In a survey taken late last week, the network found Bernie Sanders leading the Democratic 2020 field nationally for the first time this cycle, as both he and Joe Biden pulled away from the pack. As of early December, CNN had Biden besting Sanders by a margin of 26 to 20 percent, with Elizabeth Warren in third at 16 percent. Since then, Sanders has jumped seven points, while both Biden and Warren ticked down two. The Vermont senator’s 27 to 24 advantage over Biden is small enough to be within the poll’s margin of error. But Sanders’s 13-point lead over Warren is the largest he’s posted in a major poll since April of last year.
And those headline numbers may not even be the best news that CNN had for the Sanders campaign Wednesday morning. In 2016, the senator’s improbably potent presidential run was done in by the Vermonter’s limited appeal among nonwhite voters. But there was always reason to suspect that this had less to do with that (vast, heterogenous) demographic’s antipathy for Sanders than it did with its affection for Hillary Clinton. Now, according to CNN, Sanders is statistically tied with Biden among voters of color, claiming 30 percent support among them to Biden’s 27.
Of course, all of these findings should be taken with several grains of salt. If it is true that Sanders has erased Biden’s advantage with nonwhite voters, then the shape of the race has fundamentally changed. Until now, there’s been a presumption that any Biden challenger would need to compensate for sizable losses in overwhelmingly nonwhite southern primaries by running up the score in the vice-president’s weaker regions. If that logic no longer holds, victories in Iowa and New Hampshire could provide Sanders with a durable claim to front-runner status. On the other hand, the fact that both CNN’s headline numbers — and its results among nonwhite voters — are significantly out of step with other polls suggest that we may simply be looking at a flawed survey.
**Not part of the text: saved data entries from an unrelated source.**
Lemma sum_sym_mul_diff c w : (forall i j, c j i = c i j) ->
  2 * \sum_i \sum_j w i * (c i j * (w j - w i)) = - \sum_i \sum_j c i j * (w j - w i) ^+ 2.
Proof.
move=> c_sym; rewrite mulr2n mulrDl mul1r {2}exchange_big /= -big_split -sumrN /=.
apply: eq_bigr => i _; rewrite -big_split -sumrN /=; apply: eq_bigr => j _.
rewrite [c j i]c_sym; ring.
Qed.

Lemma sum_antisym_mul_diff d w : (forall i j, d j i = - d i j) ->
  \sum_i \sum_j d i j * (w j - w i) = - 2 * \sum_i \sum_j d i j * w i.
Proof.
move=> d_anti; have swap : \sum_i \sum_j d i j * w j = - \sum_i \sum_j d i j * w i.
  rewrite exchange_big /= -sumrN; apply: eq_bigr => i _.
  by rewrite -sumrN; apply: eq_bigr => j _; rewrite d_anti mulNr.
transitivity (\sum_i \sum_j d i j * w j - \sum_i \sum_j d i j * w i).
  by rewrite -sumrB; apply: eq_bigr => i _; rewrite -sumrB; apply: eq_bigr => j _; ring.
by rewrite swap; ring.
Qed.
End DoubleSums.

Section EnergyLandscape.
Variables (R : realType) (N : nat) (k0 k1 k2 : R) (thinf : 'I_N -> 'I_N -> R).
Hypothesis thinf_sym : forall i j, thinf i j = thinf j i.
Implicit Types (Th W : 'I_N -> R).

Definition coupling Th i j := k0 * cos (Th j - Th i) + k1.
Lemma ip_orthonormal_comb d u (c c' : 'I_d -> C) : orthonormal_at d u ->
  ip (\sum_(a < d) scale (c a) (u a)) (\sum_(b < d) scale (c' b) (u b)) t =
  \sum_(a < d) c a * (c' a)^*.
Proof.
move=> on; rewrite ip_suml; apply: eq_bigr => a _; rewrite ipZl ip_sumr.
rewrite (bigD1 a) //= ipZr on // eqxx mulr1 big1 ?addr0 ?[_ * c a]mulrC // => b ba.
by rewrite ipZr on // eq_sym [_ == _](negbTE ba) mulr0.
Qed.

Lemma ip_proj_orthogonal s d u w x : orthogonal_at d u w -> ip w (proj_at s d u x) t = 0.
Proof. by move=> ow; rewrite ip_sumr big1 // => a _; rewrite ipZr ow // mulr0. Qed.

Lemma orthogonal_residual d u x : orthonormal_at d u -> orthogonal_at d u (x - proj_at t d u x).
Proof.
move=> on b bd; rewrite ipBl ip_suml (bigD1 (Ordinal bd)) //= ipZl on // eqxx mulr1.
by rewrite big1 ?addr0 ?subrr // => a ab; rewrite ipZl on // [_ == _](negbTE ab) mulr0.
Qed.

Lemma total_residual d u x : orthonormal_at d u -> total_at d u ->
  ip (x - proj_at t d u x) (x - proj_at t d u x) t = 0.
Proof. by move=> on tot; apply/tot/orthogonal_residual. Qed.

Lemma parseval d u x : orthonormal_at d u -> total_at d u ->
  ip x x t = \sum_(a < d) ip x (u a) t * ip (u a) x t.
Proof.
move=> on tot; have := ip_eq0l x (total_residual x on tot).
rewrite ipBl => /eqP; rewrite subr_eq0 => /eqP ->.
by rewrite ip_suml; apply: eq_bigr => a _; rewrite ipZl.
Qed.

Definition normalize w := scale (sqrtC (ip w w t))^-1 w.
(* Let $(M,\circ,\mathrm{OR})$ be a free $\mathbb{D}$-module of rank 3 with scalar product and orientation, and let $z_1,z_2,z_3\in M\setminus\epsilon M$ be pairwise $\mathbb{D}$-linearly independent (equivalently, no two of their axes are parallel). Then the following are equivalent: (i) $z_1\times z_2\circ z_3=0$; (ii) some $z_i$ is a $\mathbb{D}$-linear combination of the other two; (iii) the three axes intersect orthogonally a common line of $E$. If these hold, then every $z_i$ is a $\mathbb{D}$-linear combination of the other two.
   Context: $\mathbb{D}=\{a+\epsilon b: a,b\in\mathbb{R}\}$, $\epsilon^2=0$. Scalar product: symmetric $\mathbb{D}$-bilinear $\circ:M\times M\to\mathbb{D}$ with $\mathfrak{Re}(x\circ x)\ge0$, equality iff $x\in\epsilon M$; orientation: one of the two classes of ordered bases under $\{b'_j=A_{jk}b_k\}\sim\{b_k\}$ iff $\det\mathfrak{Re}(A)>0$. Cross product $x\times y=x^iy^j\epsilon_{ijk}m_k$ in any positive orthonormal basis $\{m_i\}$; $z_1\times z_2\circ z_3:=(z_1\times z_2)\circ z_3$. $V=M/\epsilon M$, $\pi$ the quotient map. $E$ is the set of real 3-dimensional subspaces $P\subset M$ with $\mathfrak{Du}(x\circ y)=0$ for $x,y\in P$ and $P\cap\epsilon M=\{0\}$, a Euclidean affine space over $V$ (with $B-A:=d^ke_k$ where $e^B_i=e^A_i+\epsilon\,\epsilon_{ijk}d^ke^A_j$, $\{e_i\}$ positive orthonormal in $V$, $e^P_i\in P$ its lift). Each $z\in M\setminus\epsilon M$ is uniquely $z=(a+\epsilon b)u$ with $a>0$, $b\in\mathbb{R}$, $u\circ u=1$; its axis is the line $\{P\in E: u\in P\}$, with direction $\pi(u)$. *)

From HB Require Import structures.
From mathcomp Require Import all_boot all_order all_algebra.
From mathcomp Require Import ring.
From mathcomp Require Import reals.
Set Implicit Arguments.
Unset Strict Implicit.
Unset Printing Implicit Defensive.
Import Order.TTheory GRing.Theory Num.Theory.
Local Open Scope ring_scope.

(* Dual numbers  D = { a + eps b },  eps^2 = 0, as pairs (a, b).        *)
Definition dual (R : Type) : Type := (R * R)%type.

Section DualRing.
Variable R : comNzRingType.

HB.instance Definition _ := Choice.copy (dual R) (R * R)%type.
HB.instance Definition _ := GRing.Zmodule.copy (dual R) (R * R)%type.

Definition dual_one : dual R := (1, 0).
Definition dual_mul (x y : dual R) : dual R :=
  (x.1 * y.1, x.1 * y.2 + x.2 * y.1).

Lemma dual_mulA : associative dual_mul.
Proof. by case=> a b [c d] [e f]; rewrite /dual_mul /=; congr pair; ring. Qed.
Lemma dual_mulC : commutative dual_mul.
Proof. by case=> a b [c d]; rewrite /dual_mul /=; congr pair; ring. Qed.
Lemma dual_mul1 : left_id dual_one dual_mul.
Proof. by case=> a b; rewrite /dual_mul /dual_one /=; congr pair; ring. Qed.
Lemma dual_mulDl : left_distributive dual_mul +%R.
Proof. by case=> a b [c d] [e f]; rewrite /dual_mul /=; congr pair; rewrite /= ?mulrDl ?mulrDr; ring. Qed.
Lemma dual_one_neq0 : dual_one != 0.
Proof. by apply/eqP => -[] /eqP; rewrite oner_eq0. Qed.

HB.instance Definition _ := GRing.Zmodule_isComNzRing.Build (dual R)
  dual_mulA dual_mulC dual_mul1 dual_mulDl dual_one_neq0.

Definition Re (x : dual R) : R := x.1.
Definition Du (x : dual R) : R := x.2.
Definition eps : dual R := (0, 1).
Definition dualr (a : R) : dual R := (a, 0).

End DualRing.

(* Setting: M a D-module, sp a scalar product, m a positive            *)
(* orthonormal3 basis (the orientation OR is the class of m).            *)
Section Setting.
Variable R : realType.
Local Notation D := (dual R).
Variable M : lmodType D.

Definition rscale (r : R) (x : M) : M := dualr r *: x.

Definition in_epsM (x : M) : Prop := exists y : M, x = eps R *: y.

Definition D_free (b : 'I_3 -> M) : Prop :=
  forall c : 'I_3 -> D, \sum_i c i *: b i = 0 -> forall i, c i = 0.
Definition D_spanning (b : 'I_3 -> M) : Prop :=
  forall x : M, exists c : 'I_3 -> D, x = \sum_i c i *: b i.
Definition D_basis (b : 'I_3 -> M) : Prop := D_free b /\ D_spanning b.

Definition scalar_product (sp : M -> M -> D) : Prop :=
  [/\ forall x y, sp x y = sp y x,
      forall (a : D) x y z, sp (a *: x + y) z = a * sp x z + sp y z,
      forall x, 0 <= Re (sp x x)
    & forall x, Re (sp x x) = 0 <-> in_epsM x].

Definition orthonormal3 (sp : M -> M -> D) (m : 'I_3 -> M) : Prop :=
  forall i j, sp (m i) (m j) = (i == j)%:R.

(* Levi-Civita symbol on indices 0,1,2 *)
Definition levi (i j k : 'I_3) : R :=
  ((j%:R - i%:R) * (k%:R - j%:R) * (k%:R - i%:R)) / 2%:R.

(* cross product in the positive orthonormal3 basis m; the coordinates
   of x in the orthonormal3 basis m are x^i = x o m_i *)
Definition cross (sp : M -> M -> D) (m : 'I_3 -> M) (x y : M) : M :=
  \sum_i \sum_j \sum_k (sp x (m i) * sp y (m j) * dualr (levi i j k)) *: m k.

Definition real_span3 (p : 'I_3 -> M) (x : M) : Prop :=
  exists r : 'I_3 -> R, x = \sum_i rscale (r i) (p i).
Definition real_free3 (p : 'I_3 -> M) : Prop :=
  forall r : 'I_3 -> R, \sum_i rscale (r i) (p i) = 0 -> forall i, r i = 0.
Definition real_subspace3 (P : M -> Prop) : Prop :=
  exists p : 'I_3 -> M, real_free3 p /\ forall x, P x <-> real_span3 p x.

Definition in_E (sp : M -> M -> D) (P : M -> Prop) : Prop :=
  [/\ real_subspace3 P,
      forall x y, P x -> P y -> Du (sp x y) = 0
    & forall x, P x -> in_epsM x -> x = 0].

(* x is the lift e^P_i to P of the basis vector e_i = pi(m_i) of V *)
Definition is_lift (m : 'I_3 -> M) (P : M -> Prop) (i : 'I_3) (x : M) : Prop :=
  P x /\ in_epsM (x - m i).

(* Q = P + d, where d = d^k e_k in V (coordinates w.r.t. e_k = pi(m_k)):
   e^Q_i = e^P_i + eps eps_ijk d^k e^P_j *)
Definition translate (m : 'I_3 -> M) (P : M -> Prop) (d : 'I_3 -> R)
    (Q : M -> Prop) : Prop :=
  forall eP eQ : 'I_3 -> M,
    (forall i, is_lift m P i (eP i)) -> (forall i, is_lift m Q i (eQ i)) ->
    forall i, eQ i = eP i + eps R *: \sum_j \sum_k rscale (levi i j k * d k) (eP j).

Definition on_line (m : 'I_3 -> M) (A : M -> Prop) (v : 'I_3 -> R)
    (Q : M -> Prop) : Prop :=
  exists t : R, translate m A (fun k => t * v k) Q.

Definition axis_unit (sp : M -> M -> D) (z u : M) : Prop :=
  sp u u = 1 /\ exists a b : R, 0 < a /\ z = ((a, b) : D) *: u.

(* the axis of z meets the line (A, v) of E orthogonally: it has a point
   on the line, and its direction pi(u) is orthogonal in V to v^k e_k,
   the inner product on V being <pi x, pi y> = Re (x o y) *)
Definition axis_meets_orth (sp : M -> M -> D) (m : 'I_3 -> M) (z : M)
    (A : M -> Prop) (v : 'I_3 -> R) : Prop :=
  exists u : M, axis_unit sp z u /\
   (exists P : M -> Prop, in_E sp P /\ P u /\ on_line m A v P) /\
   Re (sp u (\sum_k rscale (v k) (m k))) = 0.

Definition D_comb (x y z : M) : Prop :=
  exists a b : D, x = a *: y + b *: z.

Definition D_indep2 (x y : M) : Prop :=
  forall a b : D, a *: x + b *: y = 0 -> a = 0 /\ b = 0.

End Setting.

(* In the orthonormal basis [m] every [x : M] is [p + eps q] with real
   coordinate vectors [p = rpart x] and [q = dpart x], and the scalar, cross
   and triple products become the dual extensions of the Euclidean ones: (i)
   says that [det (p1, p2, p3)] and its derivative in the direction
   [(q1, q2, q3)] vanish.  Non-parallel axes give [p1 x p2 != 0], so Cramer's
   rule, applied to real and dual parts, solves [z3 = a z1 + b z2] over [D];
   by symmetry of (i) this holds for every [z_i].
   A point of [E] is the set of the [p + eps (c x p)] for a position [c], and
   the axis of [p + eps q] passes through [c] iff [c x p] is the part of [q]
   orthogonal to [p].  Under (ii) all [p_i] are orthogonal to [v = p1 x p2],
   and the condition that the line through [a] with direction [v] meets the
   axes is linear in [a], solvable for the first two axes and then automatic
   for the third.  Conversely, directions orthogonal to a common [v] are
   coplanar, and axes through points [a + t_i v] make the dual part of the
   triple product vanish. *)

From HB Require Import structures.
From mathcomp Require Import all_boot all_order all_algebra.
From mathcomp Require Import reals ring lra.
Set Implicit Arguments. Unset Strict Implicit. Unset Printing Implicit Defensive.
Import Order.TTheory GRing.Theory Num.Theory.
Local Open Scope ring_scope.

Definition o0 : 'I_3 := @Ordinal 3 0 isT.
Definition o1 : 'I_3 := @Ordinal 3 1 isT.
Definition o2 : 'I_3 := @Ordinal 3 2 isT.

Lemma ord3P (i : 'I_3) : i = o0 \/ i = o1 \/ i = o2.
Proof.
by case: i => [[|[|[|n]]] Hn]; [left|right; left|right; right|by []]; exact: val_inj.
Qed.

Lemma big_ord3 (V : nmodType) (F : 'I_3 -> V) : \sum_(i < 3) F i = F o0 + F o1 + F o2.
Proof.
rewrite !big_ord_recr big_ord0 /= add0r.
by congr (F _ + F _ + F _); apply: val_inj.
Qed.

Section Vec3.
Variable R : realFieldType.
Local Notation vec := (R * R * R)%type.

Definition vzero : vec := (0, 0, 0).
Definition vadd (u w : vec) : vec := (u.1.1 + w.1.1, u.1.2 + w.1.2, u.2 + w.2).
Definition vscale (a : R) (u : vec) : vec := (a * u.1.1, a * u.1.2, a * u.2).
Definition vdot (u w : vec) : R := u.1.1 * w.1.1 + u.1.2 * w.1.2 + u.2 * w.2.
Definition vcross (u w : vec) : vec :=
  (u.1.2 * w.2 - u.2 * w.1.2, u.2 * w.1.1 - u.1.1 * w.2, u.1.1 * w.1.2 - u.1.2 * w.1.1).
Definition vdet (u w x : vec) : R := vdot (vcross u w) x.

(* The derivative of [vdet] at [(p1, p2, p3)] in the direction [(q1, q2, q3)]:
   the dual part of the determinant of the dual vectors [p_i + eps q_i]. *)
Definition vdet_diff (p1 p2 p3 q1 q2 q3 : vec) : R :=
  vdet q1 p2 p3 + vdet p1 q2 p3 + vdet p1 p2 q3.

Definition vof (f : 'I_3 -> R) : vec := (f o0, f o1, f o2).
Definition vget (u : vec) (i : 'I_3) : R :=
  if val i == 0%N then u.1.1 else if val i == 1%N then u.1.2 else u.2.
Definition vunit (i : 'I_3) : vec := vof (fun j => (j == i)%:R).

Lemma vec3_eq (u w : vec) : u = w <-> [/\ u.1.1 = w.1.1, u.1.2 = w.1.2 & u.2 = w.2].
Proof.
split=> [-> //|]; case: u => [[? ?] ?]; case: w => [[? ?] ?] /=.
by case=> -> -> ->.
Qed.

Lemma vgetK (u : vec) : vof (vget u) = u.
Proof. by case: u => [[]]. Qed.

Lemma vofK (f : 'I_3 -> R) i : vget (vof f) i = f i.
Proof. by case: (ord3P i) => [|[|]] ->. Qed.

Lemma vof_neq0 (f : 'I_3 -> R) : (exists k, f k != 0) -> vof f <> vzero.
Proof.
case=> k fk /vec3_eq [/= f0 f1 f2]; move: fk.
by case: (ord3P k) => [|[|]] ->; rewrite ?f0 ?f1 ?f2 eqxx.
Qed.

Lemma vget_neq0 (u : vec) : u <> vzero -> exists k, vget u k != 0.
Proof.
move=> u0; case: (eqVneq u.1.1 0) => [x0|]; last by exists o0.
case: (eqVneq u.1.2 0) => [y0|]; last by exists o1.
case: (eqVneq u.2 0) => [z0|]; last by exists o2.
by case: u0; apply/vec3_eq.
Qed.

Lemma vdot_self_eq0 (u : vec) : vdot u u = 0 -> u = vzero.
Proof.
case: u => [[x y] z]; rewrite /vdot /= => u0.
by apply/vec3_eq => /=; split; apply/eqP; rewrite -sqrf_eq0; apply/eqP; nra.
Qed.

Lemma vdot_self_gt0 (u : vec) : u <> vzero -> 0 < vdot u u.
Proof.
move=> u0; rewrite lt_neqAle eq_sym; apply/andP; split.
  by apply/eqP => /vdot_self_eq0.
by case: u {u0} => [[x y] z]; rewrite /vdot /=; nra.
Qed.

Lemma vdot_self_neq0 (u : vec) : u <> vzero -> vdot u u != 0.
Proof. by move=> /vdot_self_gt0 /gt_eqF ->. Qed.

Lemma vscale_eqK (k : R) (u w : vec) : k != 0 -> vscale k u = w -> u = vscale k^-1 w.
Proof.
move=> k0 <-; apply/vec3_eq; rewrite /vscale /=.
by split; rewrite mulrA mulVf ?mul1r.
Qed.

Lemma vcross_vunit_inj (b c : vec) : (forall i, vcross b (vunit i) = vcross c (vunit i)) -> b = c.
Proof.
move=> bc; move: (bc o0) (bc o1) (bc o2).
rewrite /vunit /vof /vcross /= => /vec3_eq[/= ? ? ?] /vec3_eq[/= ? ? ?] /vec3_eq[/= ? ? ?].
by apply/vec3_eq; split; lra.
Qed.

(* Cramer's rule, solved for [p3] in the basis [p1, p2, p1 x p2]. *)
Lemma vdet_eq0_span (p1 p2 p3 : vec) : vcross p1 p2 <> vzero -> vdet p1 p2 p3 = 0 ->
  exists a b : R, p3 = vadd (vscale a p1) (vscale b p2).
Proof.
set n := vcross p1 p2 => n0 det0.
have cramer : vscale (vdot n n) p3 = vadd (vscale (vdet p1 p2 p3) n)
    (vadd (vscale (vdot (vcross p3 p2) n) p1) (vscale (vdot (vcross p1 p3) n) p2)).
  by apply/vec3_eq; rewrite /n /vdet /vscale /vadd /vdot /vcross /=; split; ring.
set A := vdot (vcross p3 p2) n in cramer *; set B := vdot (vcross p1 p3) n in cramer *.
exists ((vdot n n)^-1 * A), ((vdot n n)^-1 * B).
rewrite (vscale_eqK (vdot_self_neq0 n0) cramer) det0.
by apply/vec3_eq; rewrite /vscale /vadd /=; split; ring.
Qed.

Lemma vdet_diff_eq0_span (p1 p2 p3 q1 q2 q3 : vec) : vcross p1 p2 <> vzero ->
    vdet p1 p2 p3 = 0 -> vdet_diff p1 p2 p3 q1 q2 q3 = 0 ->
  exists a b c d : R, p3 = vadd (vscale a p1) (vscale b p2) /\
    q3 = vadd (vadd (vscale a q1) (vscale c p1)) (vadd (vscale b q2) (vscale d p2)).
Proof.
move=> n0 det0 ddet0; have [a [b p3E]] := vdet_eq0_span n0 det0.
set w := vadd q3 (vadd (vscale (- a) q1) (vscale (- b) q2)).
have detw : vdet p1 p2 w = 0.
  by rewrite -ddet0 p3E /w /vdet_diff /vdet /vdot /vcross /vadd /vscale /=; ring.
have [c [d wE]] := vdet_eq0_span n0 detw.
exists a, b, c, d; split=> //; move/vec3_eq: wE; rewrite /w /vadd /vscale /= => -[? ? ?].
by apply/vec3_eq; rewrite /vadd /vscale /=; split; lra.
Qed.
For the moment, RealClearPolitics’ average of national polls gives Biden a six-point lead over Sanders.
And even if CNN’s poll is accurate, Sanders would still have his work cut for him. If the primary became a two-way race, it is unclear exactly where the other candidates’ supporters would land. But 57 percent of the CNN poll’s respondents said that nominating a candidate who can beat Trump is more important than nominating one who agrees with them on the issues — and 45 percent named Biden as the most electable candidate, while just 24 percent said the same of Sanders. Taken together, these results suggest that Biden has room to grow his support if he can retain his aura of electability as the field narrows.
That said, the poll offers Sanders supporters some cause for optimism about the potential for expanding the senator’s base. While a few polls have found Sanders’s attracting a slightly higher percentage of intraparty detractors than other Democratic candidates, CNN’s finds that more Democratic voters would be “enthusiastic or satisfied” with a Sanders nomination than with the nomination of any other 2020 candidate.
Meanwhile, the survey gives Sanders a comfortable seven-point lead over Trump in a hypothetical general election, which is smaller than Biden’s advantage, but ostensibly large enough to quell fears about the senator’s electability — for now, anyway. Should Sanders emerge from Iowa as the Democratic front-runner, there is every reason to expect that the rest of the field would flood the airwaves win warnings about the perils of nominating a socialist (with Michael Bloomberg picking up a large share of the tab). How the senator would hold up on under such a barrage is anybody’s guess.
Biden remains a formidable front-runner, but the path to “political revolution” in 2020 has never looked more plausible than it does today.